Okay, it's here! It's a byte-aligned LZSS with a 16KB window, optimized for speed (cf command) or maximum compression (with Optimal Parsing a la LZMA/CABARC) (cx command). And this is heavy for such a midget! :) Later I will describe the compression format and other algorithm details. And for now:
LTCB, real world performance on Samsung 840 Pro SSD (512 GB)
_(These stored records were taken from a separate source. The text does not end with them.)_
Definition phiS n (arc : rel 'I_n) (sigma : 'I_n -> 'I_n -> int) : {poly int} :=
  char_poly (adjmx arc sigma).

Definition bipartite n (arc : rel 'I_n) : Prop :=
  exists col : 'I_n -> bool, forall i j, arc i j -> col i != col j.

Definition dcycle n (arc : rel 'I_n) (s : seq 'I_n) : bool :=
  [&& s != [::], uniq s & cycle arc s].

Definition cycle_sign n (sigma : 'I_n -> 'I_n -> int) (s : seq 'I_n) : int :=
  \prod_(p <- zip s (rot 1 s)) sigma p.1 p.2.

Definition Delta1 n (arc : rel 'I_n) (sigma : 'I_n -> 'I_n -> int) : Prop :=
  [/\ loopless arc, signed arc sigma, bipartite arc &
      forall s, dcycle arc s ->
        ((size s %% 4 = 0)%N -> cycle_sign sigma s = -1) /\
        ((size s %% 4 = 2)%N -> cycle_sign sigma s = 1)].

Definition linear_sub n (arc : rel 'I_n) (k : nat)
    (H : {set 'I_n} * {set 'I_n * 'I_n}) : bool :=
  let U := H.1 in let B := H.2 in
  [&& #|U| == k,
      [forall p in B, [&& arc p.1 p.2, p.1 \in U & p.2 \in U]],
      [forall u in U, #|[set p in B | p.1 == u]| == 1%N] &
      [forall u in U, #|[set p in B | p.2 == u]| == 1%N]].

Definition ck n (arc : rel 'I_n) (k : nat) : nat :=
  #|[set H | linear_sub arc k H]|.

From HB Require Import structures.
From mathcomp Require Import all_boot all_order all_algebra all_fingroup zify.
Set Implicit Arguments. Unset Strict Implicit. Unset Printing Implicit Defensive.
Import Order.TTheory GRing.Theory Num.Theory.
Local Open Scope ring_scope.

(* Expand det(zI - A(S)) by the Leibniz formula. As A(S) has a zero diagonal, a
   permutation s contributes sign(s) * prod_{s i <> i} (-a_{i,s i}) * z^(#fixed points),
   which vanishes unless s moves every vertex along an arc; those permutations are
   in bijection with the linear subsidigraphs (vertices moved, arcs i -> s i). A
   nontrivial orbit of such an s is a directed cycle of S, of even length 2q since S
   is bipartite, and the Delta^1 sign rule makes its share
   (-1)^(2q-1) * (-1)^(2q) * sign(cycle) of the product equal to (-1)^q. So s
   contributes (-1)^(k/2) z^(n-k) with k = 2j the order of its subsidigraph. *)

Lemma map_traject (T : Type) (f : T -> T) x m :
  map f (traject f x m) = traject f (f x) m.
Proof. by elim: m x => //= m IHm x; rewrite IHm. Qed.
Code:C:\lzss\Release>lzss cf enwik9 enwik9.lzss Compressing enwik9: 1000000000->448712956 in 6.019s C:\lzss\Release>lzss c enwik9 enwik9.lzss Compressing enwik9: 1000000000->399850630 in 12.533s C:\lzss\Release>lzss cx enwik9 enwik9.lzss Compressing enwik9: 1000000000->380192378 in 107.047s C:\lzss\Release>lzss d enwik9.lzss e9 Decompressing enwik9.lzss: 380192378->1000000000 in 2.293s C:\lzss\Release>lzss cx enwik8 enwik8.lzss Compressing enwik8: 100000000->42874387 in 9.313s
967,021,395 bytes, html text:
246,945,757 bytes, 3.959 sec. - 1.679 sec., lzss cf
222,299,342 bytes, 7.243 sec. - 1.583 sec., lzss c
213,732,668 bytes, 511.993 sec. - 1.555 sec., lzss cx
1,000,000,000 bytes, enwik9:
448,712,956 bytes, 6.161 sec. - 2.537 sec., lzss cf
399,850,630 bytes, 12.978 sec. - 2.446 sec., lzss c
380,192,378 bytes, 111.910 sec. - 2.325 sec., lzss cx
All RAM-disk
encode (8th February 2014)
...slower than my SSD results On my machine the RAM-disk results are slightly faster than SSD, so I decided to post slower "real world" results - it's more interesting :) It's cool that fast SSDs are nearly as fast as RAM-disk these days! I must test BBB in slow mode on my machine...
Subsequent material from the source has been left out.